▶ Problem statement
Pull every line containing "ElementaryChains" from the data.

▶ Dataset content
(* Let $K$ be a good triangulation of $P^n$, let $T\in C^2(K,W;\mathbb Q)$ be a Thom cocycle of $H_{1,0}$, and let $\mathcal O$ be a good ordering of $K$ with respect to $H_{1,0}$. Then: (1) the map $\alpha\mapsto T\overset{\mathcal O}{\cap}\alpha$ commutes with the boundary $\delta$; (2) the image of $T\overset{\mathcal O}{\cap}:C_k(K;\mathbb Q)\to C_{k-2}(K;\mathbb Q)$ is contained in $C_{k-2}(L_1;\mathbb Q)$, where $L_1=K\cap H_{1,0}$. Consequently $T\overset{\mathcal O}{\cap}$ induces a homomorphism of complexes $C_k(K,\mathbf D^n;\mathbb Q)\to C_{k-2}(L_1,\mathbf D^{n-1};\mathbb Q)$.
   Context: $P^n=(\mathbb P^1_{\mathbb C})^n$ with coordinates $z_1,\dots,z_n$; $H_{i,\alpha}=\{z_i=\alpha\}$ for $\alpha\in\{0,\infty\}$; cubical faces are nonempty intersections of one or more $H_{i,\alpha}$; $\mathbf D^n=\bigcup_i\{z_i=1\}$. $H_{1,0}$ is identified with $P^{n-1}$ via $(0,z_2,\dots,z_n)\mapsto(z_2,\dots,z_n)$, and $\mathbf D^{n-1}$ denotes $\mathbf D^n\cap H_{1,0}$. A good triangulation of $P^n$ is a finite simplicial complex $K$ with a semi-algebraic homeomorphism $|K|\to P^n$ (used to identify them) such that: (1) $\mathbf D^n$ is a subcomplex; (2) the image of the relative interior of each simplex is a regular submanifold; (3) every finite union of cubical faces is a full subcomplex (a subcomplex $L$ such that any simplex of $K$ all of whose vertices lie in $L$ belongs to $L$); (4) each set $\{|z_i|\le1\}$ is a subcomplex. Let $W$ be the union of the simplices of $K$ not meeting $H_{1,0}$ and $\Delta=\{|z_1|<1\}$. There are isomorphisms $H^2(K,W;\mathbb Q)\leftarrow H^2_{\rm sing}(P^n,P^n-H_{1,0};\mathbb Q)\to H^2_{\rm sing}(\Delta,\Delta-H_{1,0};\mathbb Q)$. A Thom cocycle is a simplicial cocycle $T\in C^2(K,W;\mathbb Q)$ (i.e. vanishing on simplices in $W$) whose class corresponds under these isomorphisms to $\delta[\frac{dz_1}{2\pi i z_1}]$, where $[\frac{dz_1}{2\pi i z_1}]\in H^1_{\rm sing}(\Delta-H_{1,0};\mathbb Q)$ and $\delta$ is the connecting homomorphism. An ordering of $K$ is a partial order on the vertices whose restriction to the vertices of each simplex is total; it is good with respect to $H_{1,0}$ if whenever a vertex $v$ lies on $H_{1,0}$ and $w\ge v$, then $w\in H_{1,0}$. For $u\in C^p(K;\mathbb Q)$ and a simplex $\alpha=[v_0,\dots,v_k]$ with $v_0<\dots<v_k$, $u\overset{\mathcal O}{\cap}\alpha=u([v_0,\dots,v_p])\,[v_p,\dots,v_k]$, extended linearly. *)

From mathcomp Require Import all_boot all_order all_algebra.
Set Implicit Arguments. Unset Strict Implicit. Unset Printing Implicit Defensive.
Import GRing.Theory Num.Theory.
Local Open Scope ring_scope.

Section Simplicial.
Variable V : finType.

Definition is_complex (K : {set {set V}}) : Prop :=
  (forall s, s \in K -> s != set0) /\
  (forall s t : {set V}, s \in K -> t \subset s -> t != set0 -> t \in K).

Definition subcomplex (L K : {set {set V}}) : Prop :=
  L \subset K /\ is_complex L.

Definition vert (L : {set {set V}}) : {set V} := [set v | [set v] \in L].

Definition full (L K : {set {set V}}) : Prop :=
  forall s, s \in K -> s \subset vert L -> s \in L.

Definition ordering (K : {set {set V}}) (le : rel V) : Prop :=
  reflexive le /\ antisymmetric le /\ transitive le /\
  (forall s, s \in K -> {in s &, forall v w, le v w || le w v}).

Definition good_ordering (L : {set {set V}}) (le : rel V) : Prop :=
  forall v w, v \in vert L -> le v w -> w \in vert L.

Definition ltv (le : rel V) v w := (v != w) && le v w.

(* position (0-based) of v in the simplex s for the ordering *)
Definition rank (le : rel V) (s : {set V}) (v : V) : nat :=
  #|[set w in s | ltv le w v]|.

(* simplicial chains / cochains with rational coefficients,
   indexed by the (ordered) simplices *)
Definition chain := {set V} -> rat.
Definition cochain := {set V} -> rat.

Definition chain_in (S : {set {set V}}) (k : nat) (c : chain) : Prop :=
  forall s, c s != 0 -> s \in S /\ #|s| = k.+1.

(* boundary:  d[v0..vk] = sum_i (-1)^i [v0..^vi..vk] *)
Definition bd (le : rel V) (c : chain) : chain := fun t =>
  if t == set0 then 0 else
  \sum_(v in ~: t) (-1) ^+ (rank le (v |: t) v) * c (v |: t).

(* coboundary: (du)[v0..v(p+1)] = sum_i (-1)^i u[v0..^vi..v(p+1)] *)
Definition cobd (le : rel V) (u : cochain) : cochain := fun s =>
  \sum_(v in s) (-1) ^+ (rank le s v) * u (s :\ v).

Definition front (le : rel V) (p : nat) (s : {set V}) : {set V} :=
  [set v in s | (rank le s v <= p)%N].
Definition back (le : rel V) (p : nat) (s : {set V}) : {set V} :=
  [set v in s | (p <= rank le s v)%N].

(* ordered cap product: u cap [v0..vk] = u([v0..vp]) [vp..vk] (for k >= p),
   extended linearly; simplices of dimension < p give 0 *)
Definition cap (le : rel V) (p : nat) (u : cochain) (c : chain) : chain :=
  fun t => \sum_(s : {set V} | (p < #|s|)%N)
             (if back le p s == t then c s * u (front le p s) else 0).

(* W = simplices of K not meeting H_{1,0}, i.e. with no vertex in L1 *)
Definition Wcomplex (K L1 : {set {set V}}) : {set {set V}} :=
  [set s in K | [disjoint s & vert L1]].

Definition rel_2cocycle (K W : {set {set V}}) (le : rel V) (T : cochain) : Prop :=
  (forall s, s \in K -> #|s| = 4%N -> cobd le T s = 0) /\
  (forall s, s \in W -> #|s| = 3%N -> T s = 0).

End Simplicial.

(* By linearity it suffices to treat one ordered simplex s = [v0..vk].  Then
   d(T cap s) = T[v0v1v2] d[v2..vk], while T cap ds sums over the faces
   obtained by deleting one vertex vi.  For i >= 3 the front face is unchanged
   and these terms are exactly those of d(T cap s) other than the one deleting
   v2; the faces deleting v0, v1 or v2 all have back face [v3..vk] and
   contribute sum_(i <= 2) (-1)^i T[v0..^vi..v3] [v3..vk], which is the missing
   term T[v0v1v2] [v3..vk] because (dT)[v0v1v2v3] = 0.
   For the support: if T[v0v1v2] <> 0 then [v0v1v2] is not in W, so one of
   v0, v1, v2 lies on H_{1,0}; as the ordering is good, so do v2, ..., vk, and
   since L1 is full the back face [v2..vk] lies in L1. *)

From mathcomp Require Import all_boot all_algebra zify.
Set Implicit Arguments. Unset Strict Implicit. Unset Printing Implicit Defensive.
Import GRing.Theory.
Local Open Scope ring_scope.

Lemma sum_only1 (R : nmodType) (I : finType) (P : pred I) (F : I -> R) i0 :
  (forall i, P i -> i != i0 -> F i = 0) ->
  \sum_(i | P i) F i = if P i0 then F i0 else 0.
Proof.
move=> F0; case: (boolP (P i0)) => Pi0.
  by rewrite (bigD1 i0) //= big1 ?addr0 // => i /andP[]; exact: F0.
by rewrite big1 // => i Pi; apply: F0 => //; apply: contraNneq Pi0 => <-.
Qed.

Section ElementaryChains.
Variables (V : finType) (le : rel V) (T : cochain V).

Definition elem_chain (s : {set V}) : chain V := fun t => (t == s)%:R.

Definition chain_linear (L : chain V -> chain V) : Prop :=
  forall c t, L c t = \sum_s c s * L (elem_chain s) t.

Lemma chain_elem_decomp (c : chain V) t : c t = \sum_s c s * elem_chain s t.
Proof.
rewrite (sum_only1 (i0 := t)) /elem_chain ?eqxx ?mulr1 // => s _ ns.
by rewrite eq_sym (negbTE ns) mulr0.
Qed.

Lemma bd_linear : chain_linear (bd le).
Proof.
move=> c t; rewrite /bd; case: ifP => _; first by rewrite big1 // => s _; rewrite mulr0.
under eq_bigr do rewrite (chain_elem_decomp c) mulr_sumr.
rewrite exchange_big /=; apply: eq_bigr => s _; rewrite mulr_sumr.
by apply: eq_bigr => v _; rewrite mulrCA.
Qed.

Lemma cap_elem (s : {set V}) t : cap le 2 T (elem_chain s) t =
  if (2 < #|s|)%N && (back le 2 s == t) then T (front le 2 s) else 0.
Proof.
rewrite /cap (sum_only1 (i0 := s)) => [|u _ nus]; last first.
  by rewrite /elem_chain (negbTE nus) mul0r; case: ifP.
by rewrite /elem_chain eqxx mul1r; case: (2 < #|s|)%N => //=; case: ifP.
Qed.

Lemma cap_linear : chain_linear (cap le 2 T).
Proof.
move=> c t; under [RHS]eq_bigr do rewrite cap_elem.
rewrite /cap big_mkcond; apply: eq_bigr => s _.
by case: (2 < #|s|)%N; case: (back le 2 s == t); rewrite /= ?mulr0.
Qed.

Lemma chain_linear_comp L M :
  chain_linear L -> chain_linear M -> chain_linear (fun c => L (M c)).
Proof.
move=> linL linM c t; rewrite linL.
under eq_bigr do rewrite linM mulr_suml.
rewrite exchange_big; apply: eq_bigr => s _.
by rewrite [in RHS]linL mulr_sumr; apply: eq_bigr => u _; rewrite mulrA.
Qed.

Lemma chain_linear_eq L M (c : chain V) :
  chain_linear L -> chain_linear M ->
  (forall s, c s != 0 -> L (elem_chain s) =1 M (elem_chain s)) -> L c =1 M c.
Proof.
move=> linL linM LM t; rewrite linL linM; apply: eq_bigr => s _.
by have [->|/LM->] := eqVneq (c s) 0; rewrite ?mul0r.
Qed.

Lemma cap_support (c : chain V) t : cap le 2 T c t != 0 ->
  exists s : {set V}, [/\ (2 < #|s|)%N, back le 2 s = t, c s != 0 & T (front le 2 s) != 0].
Proof.
rewrite cap_linear => /eqP cap_neq0.
have [s|s_zero] := pickP (fun s => c s * cap le 2 T (elem_chain s) t != 0); last first.
  by case: cap_neq0; apply: big1 => s _; apply/eqP/negbFE/s_zero.
rewrite /= cap_elem mulf_eq0 negb_or => /andP[cs].
by case: ifP => [/andP[s2 /eqP bt] Tf|_]; [exists s | rewrite eqxx].
Qed.

End ElementaryChains.

Section OrderedSimplex.
Variables (V : finType) (le : rel V) (S : {set V}).
Hypotheses (le_anti : antisymmetric le) (le_trans : transitive le)
  (le_total : {in S &, forall v w, le v w || le w v}).
Local Notation r := (rank le S).
Local Notation n := #|S|.

Lemma ltv_trans x y z : ltv le x y -> ltv le y z -> ltv le x z.
Proof.
rewrite /ltv => /andP[nxy lxy] /andP[nyz lyz]; rewrite (le_trans lxy lyz) andbT.
by apply: contra nxy => /eqP exz; rewrite -exz in lyz; apply/eqP/le_anti/andP.
Qed.

Lemma ltvv x : ltv le x x = false.
Proof. by rewrite /ltv eqxx. Qed.

Lemma ltv_rankE x y : x \in S -> y \in S -> ltv le x y = (r x < r y)%N.
Proof.
have rank_mono u w : u \in S -> ltv le u w -> (r u < r w)%N.
  move=> uS luw; apply: proper_card; apply/properP; split.
    by apply/subsetP=> z; rewrite !inE => /andP[-> /ltv_trans]; apply.
  by exists u; rewrite !inE ?uS ?luw // ltvv.
move=> xS yS; apply/idP/idP => [|rxy]; first exact: rank_mono.
have [exy|nxy] := eqVneq x y; first by rewrite exy ltnn in rxy.
have : ltv le x y || ltv le y x by rewrite /ltv nxy eq_sym nxy /= le_total.
case/orP=> // /(rank_mono _ _ yS) ryx.
by have := ltn_trans rxy ryx; rewrite ltnn.
Qed.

▶ Answer box
Section ElementaryChains.
End ElementaryChains.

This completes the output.